Although Two-Rock describes the Coral as a dual-channel amp with a shared EQ and cascading gain structure, they also call the Overdrive section an extension of the clean channel, so think of it as a very flexible single-channel amp with an added gain stage. Where channels are discrete, you can set up quite different rhythm/clean and lead/driven voices; here, you take one voice and then make more of it. Each approach has its advantages, and players looking for tonal consistency will favour the Coral. By engaging overdrive and then manipulating both sets of Gain and Volume controls you can create an almost infinite range of driven rock/blues sounds, from bright chime with a hint of grit to a wailing lead tone, or any point in between.

The reverb adds an extra touch of class. Situated before the Master Volume, it’s still mixed in parallel but it allows for a lot quieter performance and is arguably richer and lusher too. It’s a design feature that first appeared in the Crystal and John Mayer signature amps. The Send and Return controls mean you can create short, tight reverbs or expansive, lush textures, and the separate control for the Overdrive channel means you can have a different reverb setting for solos. Cool.
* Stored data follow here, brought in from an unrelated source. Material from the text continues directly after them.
(* Let $\mathcal{A}$ be a finite set of integers greater than $1$. Then there exist permutations $X\neq X'$ such that $C_aX=C_aX'$ for all $a\in\mathcal{A}$.
   Context: A finite dynamical system (FDS) is a function on a finite set, considered up to isomorphism of functional graphs; the product $AB$ acts on $S_A\times S_B$ by $(a,b)\mapsto(A(a),B(b))$. A permutation is a bijective FDS. $C_n$ denotes the FDS whose functional graph is a directed cycle of length $n$. *)

From mathcomp Require Import all_boot.
Unset Printing Implicit Defensive.

Record FDS := mkFDS { fds_carrier : finType; fds_map : fds_carrier -> fds_carrier }.

Definition fds_iso (X Y : FDS) : Prop :=
  exists h : fds_carrier X -> fds_carrier Y,
    bijective h /\ forall x, h (fds_map X x) = fds_map Y (h x).

Definition fds_prod (A B : FDS) : FDS :=
  @mkFDS (fds_carrier A * fds_carrier B)%type
         (fun p => (fds_map A p.1, fds_map B p.2)).

Definition is_perm_fds (X : FDS) : Prop := bijective (fds_map X).

Definition cycleFDS (n : nat) : FDS := @mkFDS 'I_n (@ordS n).

(* In the semiring of FDS up to isomorphism, C_a C_a = C_a I_a, where I_a is
   the identity on a points (shear (i, j) |-> (j - i, j)); so C_a annihilates
   the formal difference I_a - C_a.  Expanding prod_(a in A) (I_a - C_a) into
   its even part X and odd part X' gives two permutations that every C_a with
   a in A identifies.  They differ because X has a fixed point (the all-I
   summand) while every summand of X' contains a fixed-point-free C_a. *)

From mathcomp Require Import all_boot all_algebra.
Import GRing.Theory.

Definition fds_sum (X Y : FDS) : FDS :=
  @mkFDS (fds_carrier X + fds_carrier Y)%type
    (fun s => match s with
              | inl x => inl (fds_map X x)
              | inr y => inr (fds_map Y y)
              end).

Definition idFDS (n : nat) : FDS := @mkFDS 'I_n id.

Definition has_fixpoint (X : FDS) : Prop := exists x, fds_map X x = x.

Definition fixpoint_free (X : FDS) : Prop := forall x, fds_map X x != x.

Lemma can2_fds_iso (X Y : FDS) (h : fds_carrier X -> fds_carrier Y)
    (g : fds_carrier Y -> fds_carrier X) :
  cancel h g -> cancel g h -> (forall x, h (fds_map X x) = fds_map Y (h x)) ->
  fds_iso X Y.
Proof. by move=> hK gK hC; exists h; split=> //; exists g. Qed.

Lemma fds_iso_refl X : fds_iso X X.
Proof. exact: (@can2_fds_iso X X id id). Qed.

Lemma fds_iso_sym {X Y} : fds_iso X Y -> fds_iso Y X.
Proof.
case=> h [[g hK gK] hC]; apply: (@can2_fds_iso Y X g h) => // y.
by apply: (can_inj hK); rewrite hC !gK.
Qed.

Lemma fds_iso_trans {X Y Z} : fds_iso X Y -> fds_iso Y Z -> fds_iso X Z.
Proof.
case=> h [[g hK gK] hC] [h' [[g' hK' gK'] hC']].
apply: (@can2_fds_iso X Z (h' \o h) (g \o g')) => x /=.
- by rewrite hK' hK.
- by rewrite gK gK'.
- by rewrite hC hC'.
Qed.

Lemma fds_iso_prod {X X' Y Y'} :
  fds_iso X X' -> fds_iso Y Y' -> fds_iso (fds_prod X Y) (fds_prod X' Y').
Proof.
case=> h [[g hK gK] hC] [h' [[g' hK' gK'] hC']].
apply: (@can2_fds_iso (fds_prod X Y) (fds_prod X' Y')
          (fun p => (h p.1, h' p.2)) (fun p => (g p.1, g' p.2))) => -[x y] /=.
- by rewrite hK hK'.
- by rewrite gK gK'.
- by rewrite hC hC'.
Qed.

Lemma fds_iso_sum {X X' Y Y'} :
  fds_iso X X' -> fds_iso Y Y' -> fds_iso (fds_sum X Y) (fds_sum X' Y').
Proof.
case=> h [[g hK gK] hC] [h' [[g' hK' gK'] hC']].
apply: (@can2_fds_iso (fds_sum X Y) (fds_sum X' Y')
   (fun s => match s with inl x => inl (h x) | inr y => inr (h' y) end)
   (fun s => match s with inl x => inl (g x) | inr y => inr (g' y) end)).
- by case=> x /=; rewrite ?hK ?hK'.
- by case=> x /=; rewrite ?gK ?gK'.
- by case=> x /=; rewrite ?hC ?hC'.
Qed.

Lemma fds_sumC X Y : fds_iso (fds_sum X Y) (fds_sum Y X).
Proof.
pose swap T U (s : T + U) := match s with inl x => inr x | inr y => inl y end.
by apply: (@can2_fds_iso (fds_sum X Y) (fds_sum Y X) (@swap _ _) (@swap _ _));
  case.
Qed.

Lemma fds_prodC X Y : fds_iso (fds_prod X Y) (fds_prod Y X).
Proof.
by apply: (@can2_fds_iso (fds_prod X Y) (fds_prod Y X)
             (fun p => (p.2, p.1)) (fun p => (p.2, p.1))); case.
Qed.

Lemma fds_prodA X Y Z :
  fds_iso (fds_prod X (fds_prod Y Z)) (fds_prod (fds_prod X Y) Z).
Proof.
by apply: (@can2_fds_iso (fds_prod X (fds_prod Y Z)) (fds_prod (fds_prod X Y) Z)
   (fun p => ((p.1, p.2.1), p.2.2)) (fun p => (p.1.1, (p.1.2, p.2))))
   => [[? []] | [[]] | [? []]].
Qed.

Lemma fds_prodCA X Y Z :
  fds_iso (fds_prod X (fds_prod Y Z)) (fds_prod Y (fds_prod X Z)).
Proof.
apply: fds_iso_trans (fds_prodA _ _ _) _.
apply: fds_iso_trans (fds_iso_sym (fds_prodA _ _ _)).
exact: fds_iso_prod (fds_prodC _ _) (fds_iso_refl _).
Qed.

Lemma fds_prodDr X Y Z :
  fds_iso (fds_prod X (fds_sum Y Z)) (fds_sum (fds_prod X Y) (fds_prod X Z)).
Proof.
apply: (@can2_fds_iso (fds_prod X (fds_sum Y Z))
          (fds_sum (fds_prod X Y) (fds_prod X Z))
   (fun p => match p.2 with inl y => inl (p.1, y) | inr z => inr (p.1, z) end)
   (fun s => match s with inl p => (p.1, inl p.2) | inr p => (p.1, inr p.2) end)).
- by case=> x [].
- by case=> [[]|[]].
- by case=> x [].
Qed.

Lemma perm_fds_prod X Y :
  is_perm_fds X -> is_perm_fds Y -> is_perm_fds (fds_prod X Y).
Proof.
case=> g hK gK [g' hK' gK'].
by exists (fun p => (g p.1, g' p.2)) => -[x y] /=; rewrite ?hK ?hK' ?gK ?gK'.
Qed.

Lemma perm_fds_sum X Y :
  is_perm_fds X -> is_perm_fds Y -> is_perm_fds (fds_sum X Y).
Proof.
case=> g hK gK [g' hK' gK'].
exists (fun s => match s with inl x => inl (g x) | inr y => inr (g' y) end);
  by case=> x /=; rewrite ?hK ?hK' ?gK ?gK'.
Qed.

Lemma fds_iso_has_fixpoint {X Y} :
  fds_iso X Y -> has_fixpoint X -> has_fixpoint Y.
Proof. by case=> h [_ hC] [x fx]; exists (h x); rewrite -hC fx. Qed.

Lemma ordS_neq {n} (i : 'I_n) : 1 < n -> ordS i != i.
Proof.
case: n i => [|[|n]] // i _.
by rewrite -(add_Zp_1 (p := n.+2)) -{2}[i]addr0 (inj_eq (addrI i)) oner_eq0.
Qed.

Lemma ordS_addZp n (i : 'I_n.+1) : ordS i = (i + inZp 1)%R.
Proof. by apply: val_inj; rewrite /= modnDmr addn1. Qed.

Lemma fds_prod_cycle_cycle n :
  fds_iso (fds_prod (cycleFDS n.+1) (cycleFDS n.+1))
          (fds_prod (idFDS n.+1) (cycleFDS n.+1)).
Proof.
pose shear (p : 'I_n.+1 * 'I_n.+1) := (p.2 - p.1, p.2)%R.
apply: (@can2_fds_iso (fds_prod (cycleFDS n.+1) (cycleFDS n.+1))
          (fds_prod (idFDS n.+1) (cycleFDS n.+1)) shear shear).
- by case=> i j; rewrite /shear /= opprB addrC subrK.
- by case=> i j; rewrite /shear /= opprB addrC subrK.
- by case=> i j; rewrite /shear /= !ordS_addZp opprD addrACA subrr addr0.
Qed.

Lemma fds_prod_cycle_absorb a X : 0 < a ->
  fds_iso (fds_prod (cycleFDS a) (fds_prod (cycleFDS a) X))
          (fds_prod (cycleFDS a) (fds_prod (idFDS a) X)).
Proof.
case: a => // n _.
apply: fds_iso_trans (fds_prodA _ _ _) _.
apply: fds_iso_trans (fds_iso_prod (fds_prod_cycle_cycle n) (fds_iso_refl X)) _.
apply: fds_iso_trans (fds_iso_sym (fds_prodA _ _ _)) _.
exact: fds_prodCA.
Qed.

Fixpoint twin_perms (A : seq nat) : FDS * FDS :=
  if A is a :: A' then
    let P := twin_perms A' in
    (fds_sum (fds_prod (idFDS a) P.1) (fds_prod (cycleFDS a) P.2),
     fds_sum (fds_prod (idFDS a) P.2) (fds_prod (cycleFDS a) P.1))
  else (@mkFDS unit id, @mkFDS void id).

Lemma perm_twin_perms A :
  is_perm_fds (twin_perms A).1 /\ is_perm_fds (twin_perms A).2.
Proof.
elim: A => [|a A [perm1 perm2]] /=; first by split; exists id.
have permI : is_perm_fds (idFDS a) by exists id.
have permC : is_perm_fds (cycleFDS a) by apply: ordS_bij.
by split; apply: perm_fds_sum; apply: perm_fds_prod.
Qed.

Lemma twin_perms1_fixpoint {A} :
  all (fun a => 0 < a) A -> has_fixpoint (twin_perms A).1.
Proof.
elim: A => [|a A IH] /=; first by exists tt.
case/andP=> a_gt0 /IH[x fx].
by exists (inl (Ordinal a_gt0, x)); rewrite /= fx.
Qed.

Lemma twin_perms2_fixpoint_free {A} :
  all (fun a => 1 < a) A -> fixpoint_free (twin_perms A).2.
Proof.
elim: A => [|a A IH] /=; first by move=> _ [].
case/andP=> a_gt1 /IH fixfree2.
case=> -[i x]; apply/eqP=> -[].
- exact/eqP/fixfree2.
- by move=> /eqP; rewrite (negbTE (ordS_neq i a_gt1)).
Qed.

Lemma twin_perms_cycle_iso {A b} : all (fun a => 0 < a) A -> b \in A ->
  fds_iso (fds_prod (cycleFDS b) (twin_perms A).1)
          (fds_prod (cycleFDS b) (twin_perms A).2).
Proof.
elim: A => [|a A IH] //= /andP[a_gt0 A_gt0] b_aA.
apply: fds_iso_trans (fds_prodDr _ _ _) _.
apply: fds_iso_trans (fds_iso_sym (fds_prodDr _ _ _)).
case/predU1P: b_aA => [-> | bA].
- apply: fds_iso_trans (fds_sumC _ _).
  apply: fds_iso_sum; last exact: fds_prod_cycle_absorb.
  exact: fds_iso_sym (fds_prod_cycle_absorb _ _ a_gt0).
- have iso_inner W : fds_iso
      (fds_prod (cycleFDS b) (fds_prod W (twin_perms A).1))
      (fds_prod (cycleFDS b) (fds_prod W (twin_perms A).2)).
    apply: fds_iso_trans (fds_prodCA _ _ _) _.
    apply: fds_iso_trans (fds_prodCA _ _ _).
    exact: fds_iso_prod (fds_iso_refl W) (IH A_gt0 bA).
  by apply: fds_iso_sum; last apply: fds_iso_sym; apply: iso_inner.
Qed.

Theorem mainTheorem15 (A : seq nat) :
  (forall a, a \in A -> 1 < a) ->
  exists X X' : FDS,
    [/\ is_perm_fds X, is_perm_fds X', ~ fds_iso X X' &
        forall a, a \in A -> fds_iso (fds_prod (cycleFDS a) X) (fds_prod (cycleFDS a) X')].
Proof.
move=> A_gt1; have A_gt1' : all (fun a => 1 < a) A by apply/allP.
have A_gt0 : all (fun a => 0 < a) A by apply/allP=> a /A_gt1/ltnW.
have [perm1 perm2] := perm_twin_perms A.
exists (twin_perms A).1, (twin_perms A).2; split=> // [iso12 | a aA].
- have [x fx] := fds_iso_has_fixpoint iso12 (twin_perms1_fixpoint A_gt0).
  by have /eqP := twin_perms2_fixpoint_free A_gt1' x.
- exact: twin_perms_cycle_iso.
Qed.
Lemma cos_arc p : a <= p <= b -> - mu <= cos p <= mu.
Proof.
  intros Hp. split.
  - apply Rle_trans with (cos b); [exact Hcb |]. apply cos_decr_1; lra.
  - apply Rle_trans with (cos a); [| exact Hca]. apply cos_decr_1; lra.
Qed.

Lemma sin_arc_pos p : a <= p <= b -> 0 < sin p.
Proof. intros; apply sin_gt_0; lra. Qed.

Lemma arc_slack_sqr p : a <= p <= b -> arc_slack mu p * arc_slack mu p = mu * mu - cos p * cos p.
Proof. intros Hp. pose proof (cos_arc p Hp). unfold arc_slack. rewrite sqrt_sqrt; nra. Qed.

Lemma arc_slack_pos p : a < p < b -> 0 < arc_slack mu p.
Proof.
  intros Hp. apply sqrt_lt_R0.
  assert (cos b < cos p < cos a) by (split; apply cos_decreasing_1; lra).
  nra.
Qed.

Lemma arc_speed_bounds p : a <= p <= b -> 1 - mu * mu <= arc_speed mu p <= 2.
Proof.
  intros Hp. pose proof (cos_arc p Hp). pose proof (sin_arc_pos p Hp).
  pose proof (arc_slack_sqr p Hp). pose proof (sqrt_pos (mu ^ 2 - cos p ^ 2)).
  pose proof (sin2_cos2 p). unfold arc_speed, Rsqr in *. fold (arc_slack mu p) in *.
  assert (sin p <= 1) by nra. assert (arc_slack mu p <= 1) by nra.
  assert (1 - mu * mu <= sin p) by nra.
  lra.
Qed.

Lemma arc_weight_antitone p q : a <= p <= q -> q <= b ->
  0 < arc_slack mu p -> 0 < arc_slack mu q -> arc_weight mu q <= arc_weight mu p.
Proof.
  intros Hpq Hq Hwp Hwq.
  pose proof (arc_slack_sqr p ltac:(lra)). pose proof (arc_slack_sqr q ltac:(lra)).
  pose proof (cos_arc p ltac:(lra)). pose proof (cos_arc q ltac:(lra)).
  unfold arc_weight, arc_slack in *.
  apply ratio_sqrt_le; [nra | apply cos_decr_1; lra | nra].
Qed.

Lemma clamped_speed_bounds q : 1 - mu * mu <= arc_speed mu (clamp a b q) <= 2.
Proof. apply arc_speed_bounds, clamp_in; exact Hab. Qed.

Lemma clamped_speed_continuous q : continuous (fun q => arc_speed mu (clamp a b q)) q.
Proof.
  apply (continuous_comp (clamp a b) (arc_speed mu)).
  - apply (lipschitz_continuous _ 1). intros. rewrite Rmult_1_l. apply clamp_lipschitz, Hab.
  - apply (continuous_plus (V := R_NormedModule) sin (arc_slack mu)).
    + apply continuity_pt_filterlim, continuity_sin.
    + apply continuous_sqrt_comp.
      apply (ex_derive_continuous (fun p => mu ^ 2 - cos p ^ 2)). auto_derive; auto.
Qed.

Lemma inv_speed_continuous q : continuous (fun q => / arc_speed mu (clamp a b q)) q.
Proof.
  apply continuous_Rinv_comp; [apply clamped_speed_continuous |].
  pose proof (clamped_speed_bounds q); nra.
Qed.

Lemma ex_RInt_inv_speed x y : ex_RInt (fun q => / arc_speed mu (clamp a b q)) x y.
Proof. apply ex_RInt_continuous_R. intros; apply inv_speed_continuous. Qed.

Lemma arc_time_diff x y : F y - F x = RInt (fun q => / arc_speed mu (clamp a b q)) x y.
Proof.
  unfold arc_time. rewrite <- (RInt_Chasles_R _ a x y) by apply ex_RInt_inv_speed. ring.
Qed.

Lemma arc_time_incr x y : x <= y -> (y - x) / 2 <= F y - F x.
Proof.
  intros Hxy. rewrite arc_time_diff.
  replace ((y - x) / 2) with ((y - x) * / 2) by field. rewrite <- RInt_const_R.
  apply RInt_le; [exact Hxy | apply ex_RInt_const_R | apply ex_RInt_inv_speed |].
  intros q _. pose proof (clamped_speed_bounds q). apply Rinv_le_contravar; nra.
Qed.

Lemma arc_time_derive x : is_derive F x (/ arc_speed mu (clamp a b x)).
Proof.
  apply (is_derive_RInt (V := R_NormedModule) (fun q => / arc_speed mu (clamp a b q)) F a x).
  - apply filter_forall. intros y. apply (RInt_correct (V := R_CompleteNormedModule)).
    apply ex_RInt_inv_speed.
  - apply inv_speed_continuous.
Qed.

Lemma arc_time_onto s : {p | F p = s}.
Proof.
  assert (HF : continuity F).
  { intros x. apply continuity_pt_filterlim. apply (ex_derive_continuous F).
    eexists; apply arc_time_derive. }
  pose proof (Rabs_pos s). pose proof (Rle_abs s). pose proof (Rle_abs (- s)).
  rewrite Rabs_Ropp in *.
  destruct (IVT_gen F (a - 2 * Rabs s) (a + 2 * Rabs s) s HF) as [p [_ Hp]]; [| exists p; exact Hp].
  pose proof (arc_time_incr (a - 2 * Rabs s) a ltac:(lra)).
  pose proof (arc_time_incr a (a + 2 * Rabs s) ltac:(lra)).
  rewrite arc_time_start in *. unfold Rmin, Rmax; destruct Rle_dec; lra.
Qed.

Definition arc_angle (s : R) : R := proj1_sig (arc_time_onto s).

Local Notation G := arc_angle.

Lemma arc_time_angle s : F (G s) = s.
Proof. exact (proj2_sig (arc_time_onto s)). Qed.

Lemma arc_angle_le s s' : s <= s' -> G s <= G s'.
Proof.
  intros Hs. destruct (Rle_lt_dec (G s) (G s')) as [Hle | Hlt]; [exact Hle |].
  pose proof (arc_time_incr (G s') (G s) ltac:(lra)). rewrite !arc_time_angle in *. lra.
Qed.

Lemma arc_angle_time p : G (F p) = p.
Proof.
  pose proof (arc_time_angle (F p)) as E.
  destruct (Rtotal_order (G (F p)) p) as [Hlt | [Heq | Hgt]]; [| exact Heq |].
  - pose proof (arc_time_incr (G (F p)) p ltac:(lra)). lra.
  - pose proof (arc_time_incr p (G (F p)) ltac:(lra)). lra.
Qed.

Lemma arc_angle_start : G 0 = a.
Proof. rewrite <- (arc_time_start mu a b). apply arc_angle_time. Qed.

Lemma arc_angle_end : G (F b) = b.
Proof. apply arc_angle_time. Qed.

Lemma arc_duration_nonneg : 0 <= F b.
Proof. pose proof (arc_time_incr a b Hab). rewrite arc_time_start in *. lra. Qed.

Lemma arc_angle_lipschitz s s' : Rabs (G s - G s') <= 2 * Rabs (s - s').
Proof.
  destruct (Rle_dec s s') as [Hle | Hgt].
  - pose proof (arc_angle_le s s' Hle). pose proof (arc_time_incr (G s) (G s') ltac:(lra)).
    rewrite !arc_time_angle in *. rewrite !Rabs_left1 by lra. lra.
  - pose proof (arc_angle_le s' s ltac:(lra)). pose proof (arc_time_incr (G s') (G s) ltac:(lra)).
    rewrite !arc_time_angle in *. rewrite !Rabs_pos_eq by lra. lra.
Qed.

Lemma arc_angle_continuous s : continuous G s.
Proof. apply (lipschitz_continuous G 2), arc_angle_lipschitz. Qed.

Lemma arc_angle_derive s : is_derive G s (arc_speed mu (clamp a b (G s))).
Proof.
  pose proof (clamped_speed_bounds (G s)) as Hv.
  set (DF := fun p => exist (fun l => derivable_pt_lim F p l) _
                        (proj1 (is_derive_Reals _ _ _) (arc_time_derive p))).
  apply is_derive_Reals.
  replace (arc_speed mu (clamp a b (G s))) with (1 / / arc_speed mu (clamp a b (G s)))
    by (field; nra).
  apply (Ranalysis5.derivable_pt_lim_recip_interv F G (s - 1) (s + 1) s (fun p _ => DF p)).
  - apply continuity_pt_filterlim, arc_angle_continuous.
  - lra.
  - lra.
  - split; apply arc_angle_le; lra.
  - intros x _. apply arc_time_angle.
  - simpl. apply Rinv_neq_0_compat. nra.
Qed.

(* Replacing each arc of angle d by its chord costs only O(d^3) in length, so the time along
   the circle is the limit of the times needed to run the chords at the midpoint speed. *)
Lemma arc_time_chord_approx eps : 0 < eps -> exists rho, 0 < rho /\
  forall p d, a <= p -> 0 <= d <= rho -> p + d <= b ->
  F (p + d) - F p <= 2 * sin (d / 2) / arc_speed mu (p + d / 2) + eps * d.
Proof.
  intros Heps.
  set (h := fun q => / arc_speed mu (clamp a b q)).
  destruct (Heine_cor2 (f := h) (a := a) (b := b)
              (fun q _ => proj2 (continuity_pt_filterlim _ _) (inv_speed_continuous q))
              (mkposreal (eps / 2) ltac:(lra))) as [delta Hdelta]. simpl in Hdelta.
  pose proof (cond_pos delta) as Hdelta0.
  assert (Hm2 : 0 < 1 - mu * mu) by nra.
  exists (Rmin (Rmin 1 delta) (12 * eps * (1 - mu * mu))).
  split; [apply Rmin_pos; [apply Rmin_pos |]; nra |].
  intros p d Hp Hd Hpd.
  pose proof (Rmin_l (Rmin 1 delta) (12 * eps * (1 - mu * mu))).
  pose proof (Rmin_r (Rmin 1 delta) (12 * eps * (1 - mu * mu))).
  pose proof (Rmin_l 1 delta). pose proof (Rmin_r 1 delta).
  set (m := p + d / 2).
  assert (Hhm : h m = / arc_speed mu m)
    by (unfold h; rewrite clamp_id by (unfold m; lra); reflexivity).
  assert (Hhm0 : 0 <= h m <= / (1 - mu * mu)).
  { pose proof (clamped_speed_bounds m). unfold h.
    split; [left; apply Rinv_0_lt_compat; nra | apply Rinv_le_contravar; nra]. }
  assert (Hint : F (p + d) - F p <= d * (h m + eps / 2)).
  { rewrite arc_time_diff. fold h.
    replace (d * (h m + eps / 2)) with ((p + d - p) * (h m + eps / 2)) by ring.
    rewrite <- RInt_const_R.
    apply RInt_le; [lra | apply ex_RInt_inv_speed | apply ex_RInt_const_R |].
    intros z Hz.
    assert (Hclose : Rabs (h z - h m) < eps / 2)
      by (apply Hdelta; unfold m; try apply Rabs_def1; lra).
    apply Rabs_def2 in Hclose. lra. }
  pose proof (two_sin_half_ge d ltac:(lra)) as Hsin.
  assert (Hcube : d ^ 3 / 24 * h m <= eps / 2 * d).
  { apply Rle_trans with (d ^ 3 / 24 * / (1 - mu * mu)); [apply Rmult_le_compat_l; nra |].
    apply Rmult_le_reg_r with (1 - mu * mu); [lra |].
    field_simplify; [| lra]. nra. }
  unfold Rdiv at 1. rewrite <- Hhm. nra.
Qed.

End Arc.

Definition arc_heading (mu p : R) : R :=
  unit_angle ((1 - arc_speed mu p * sin p) / mu) (arc_speed mu p * cos p / mu).

Lemma arc_heading_velocity mu p : 0 < mu -> cos p ^ 2 <= mu ^ 2 ->
  mu * cos (arc_heading mu p) - 1 = - (arc_speed mu p * sin p) /\
  mu * sin (arc_heading mu p) = arc_speed mu p * cos p.
Proof.
  intros Hmu Hc.
  assert (Hw : arc_slack mu p * arc_slack mu p = mu * mu - cos p * cos p)
    by (unfold arc_slack; rewrite sqrt_sqrt; nra).
  pose proof (sin2_cos2 p) as Hsc. unfold Rsqr in Hsc.
  set (v := arc_speed mu p).
  assert (Hv : (1 - v * sin p) * (1 - v * sin p) + (v * cos p) * (v * cos p) = mu * mu).
  { transitivity (1 - 2 * v * sin p + v * v * (sin p * sin p + cos p * cos p)); [ring |].
    rewrite Hsc. unfold v, arc_speed.
    transitivity (1 - sin p * sin p + arc_slack mu p * arc_slack mu p); [ring |].
    rewrite Hw. lra. }
  destruct (unit_angle_spec ((1 - v * sin p) / mu) (v * cos p / mu)) as [Hcos Hsin].
  { transitivity (((1 - v * sin p) * (1 - v * sin p) + (v * cos p) * (v * cos p)) / (mu * mu));
      [field; lra | rewrite Hv; field; lra]. }
  unfold arc_heading. fold v. rewrite Hcos, Hsin. split; field; lra.
Qed.

(** * The lower bound *)

Section TangentApproach.

Variables (mu x0 y0 : R) (psi : R -> R) (T a b L : R).
Hypothesis Hmu : 0 < mu < 1.
Hypothesis Hadm : admissible mu x0 y0 psi T.
Hypothesis Hreach : reaches mu x0 y0 psi T b.
Hypothesis Ha : 0 < a.
Hypothesis Hab : a <= b.
Hypothesis Hb : b < PI.
Hypothesis HL : 0 < L.
Hypothesis Hx0 : x0 = cos a + L * sin a.
Hypothesis Hy0 : y0 = sin a - L * cos a.

Local Notation X := (traj_x mu x0 psi).
Local Notation Y := (traj_y mu y0 psi).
This is an incredibly flexible guitar amp capable of generating a wide range of sounds with clarity, sustain and balance at its core. Not only would it be an ideal recording amp, but it’s simple enough in operation for day-to-day gigs and home playing. Find your ‘sound’ and you may never feel the need to stray. While the price may appear to be on the steep side, good vintage Fenders and Voxes can cost you this and more. For valve lovers, the Coral offers a level of sonic perfection in a contemporary, manageable and reliable package.